### [Your task]
The answer must be every line from the entries below that contains "move".

### [Task inputs]
Lemma min_spanning_tree_subgroup_conn (R : numDomainType) (c : {set V} -> R) Tbar :
  (forall m, conn_on (edges_of e) (subgroup g m)) ->
  (forall E1 E2, E1 \in edges_of e -> E2 \in edges_of e ->
     intra g E1 -> ~~ intra g E2 -> c E1 < c E2) ->
  spanning_tree e Tbar ->
  (forall T, spanning_tree e T -> \sum_(E in Tbar) c E <= \sum_(E in T) c E) ->
  forall m, conn_on Tbar (subgroup g m).
Proof.
move=> conn_e c_lt sTbar Tbar_min m u v uS vS; have [sTe _ _] := sTbar.
apply/negPn/negP=> nuv.
have [a [b [ua /and4P[aS bS ab abe] nub]]] := connect_exit (conn_e m u v uS vS) nuv.
move: aS bS; rewrite !inE => /eqP ga /eqP gb.
have nab : ~~ connect (link (intra_edges g Tbar)) a b.
  by rewrite connect_intra_edges ga; apply: contra nub; apply: connect_trans ua.
have [E /setDP[ETbar EnI] nabE] :=
  forest_separating_edge (pair_edges_of e_irr sTe) (spanning_tree_forest sTbar)
    (intra_edges_sub g Tbar) (spanning_tree_connect sTbar a b) nab.
have interE : ~~ intra g E by apply: contra EnI => intraE; rewrite inE ETbar.
have abT : [set a; b] \notin Tbar :\ E.
  by apply: contra nabE => abT; apply: connect1; rewrite linkE ab.
have := Tbar_min _ (spanning_tree_exchange e_irr sTbar ETbar ab abe nabE).
rewrite big_setU1 //= (big_setD1 E ETbar) /= lerD2r => cE_le.
have intra_ab : intra g [set a; b] by rewrite intra_set2 ga gb.
by have := lt_le_trans (c_lt _ _ abe (subsetP sTe E ETbar) intra_ab interE) cE_le;
  rewrite ltxx.
Qed.

Lemma spanning_tree_mix A B :
  spanning_tree e A -> spanning_tree e B ->
  (forall m, conn_on A (subgroup g m)) -> (forall m, conn_on B (subgroup g m)) ->
  spanning_tree e (intra_edges g A :|: inter_edges g B).
Proof.
move=> sA sB cA cB; have [sAe _ _] := sA; have [sBe _ _] := sB.
set X := intra_edges g A :|: inter_edges g B.
have card_intra T : spanning_tree e T -> (forall m, conn_on T (subgroup g m)) ->
    (#|intra_edges g T| + ncomp (intra_edges g T) = #|V|)%N.
  case=> sTe _ /acyclic_forest fT cT; have sIT := intra_edges_sub g T.
  apply/forest_cardP; last exact: forestS fT.
  exact/pair_edges_of/(subset_trans sIT).
have intraAB : #|intra_edges g A| = #|intra_edges g B|.
  apply/eqP; rewrite -(eqn_add2r (ncomp (intra_edges g A))) card_intra //.
  rewrite (@eq_ncomp _ _ (intra_edges g B)) ?card_intra // => x y.
  by rewrite !connect_intra_edges_subgroup.
apply: (spanning_tree_card e_irr _ _ sB).
- apply/subsetP=> E /setUP[] /setIdP[EF _]; [exact: (subsetP sAe) | exact: (subsetP sBe)].
- move=> x y; apply: connect_sub (spanning_tree_connect sB x y) => u v uvB.
  have [guv | nguv] := eqVneq (g u) (g v).
    by apply: (connect_linkS (subsetUl _ _)); rewrite connect_intra_edges_subgroup ?guv.
  apply: connect1; move: uvB; rewrite !linkE !inE intra_set2 nguv.
  by case/andP=> -> ->; rewrite orbT.
- by rewrite (card_intra_inter g) intra_edges_mix inter_edges_mix intraAB -card_intra_inter.
Qed.

End LeastViolatedTree.

Local Open Scope ring_scope.

Theorem theorem5 (V : finType) (M : nat) (g : V -> 'I_M) (e : rel V)
  (R : realFieldType) (w : {set V} -> R) (beta : R) (Tbar : {set {set V}}) :
  symmetric e -> irreflexive e ->
  conn_on (edges_of e) setT ->
  (forall m : 'I_M, conn_on (edges_of e) (subgroup g m)) ->
  1 < beta ->
  (forall E1 E2, E1 \in edges_of e -> E2 \in edges_of e ->
     intra g E1 -> ~~ intra g E2 ->
     wprime g beta w E1 < wprime g beta w E2) ->
  spanning_tree e Tbar ->
  (forall T, spanning_tree e T ->
     \sum_(E in Tbar) wprime g beta w E <= \sum_(E in T) wprime g beta w E) ->
  (conn_on Tbar setT /\ forall m : 'I_M, conn_on Tbar (subgroup g m)) /\
  (forall T, spanning_tree e T -> (forall m : 'I_M, conn_on T (subgroup g m)) ->
     \sum_(E in Tbar) - w E <= \sum_(E in T) - w E).
Proof.
move=> _ e_irr _ conn_e beta_gt1 wprime_lt sTbar Tbar_min.
have cTbar := min_spanning_tree_subgroup_conn e_irr conn_e wprime_lt sTbar Tbar_min.
split; first by have [_ ? _] := sTbar.
move=> T sT cT.
have := Tbar_min _ (spanning_tree_mix e_irr sT sTbar cT cTbar).
have := Tbar_min _ (spanning_tree_mix e_irr sTbar sT cTbar cT).
rewrite !(big_intra_inter g _ Tbar) !(big_intra_inter g _ T).
rewrite !(big_intra_inter g _ (_ :|: _)) !intra_edges_mix !inter_edges_mix.
rewrite lerD2l lerD2r !sum_wprime_inter !sum_wprime_intra.
rewrite ler_pM2l ?(lt_trans ltr01 beta_gt1) //.
by move=> inter_le intra_le; apply: lerD.
Qed.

### [Finished exercise]
move=> conn_e c_lt sTbar Tbar_min m u v uS vS; have [sTe _ _] := sTbar.
move: aS bS; rewrite !inE => /eqP ga /eqP gb.
move=> sA sB cA cB; have [sAe _ _] := sA; have [sBe _ _] := sB.
- move=> x y; apply: connect_sub (spanning_tree_connect sB x y) => u v uvB.
  apply: connect1; move: uvB; rewrite !linkE !inE intra_set2 nguv.
move=> _ e_irr _ conn_e beta_gt1 wprime_lt sTbar Tbar_min.
move=> T sT cT.
by move=> inter_le intra_le; apply: lerD.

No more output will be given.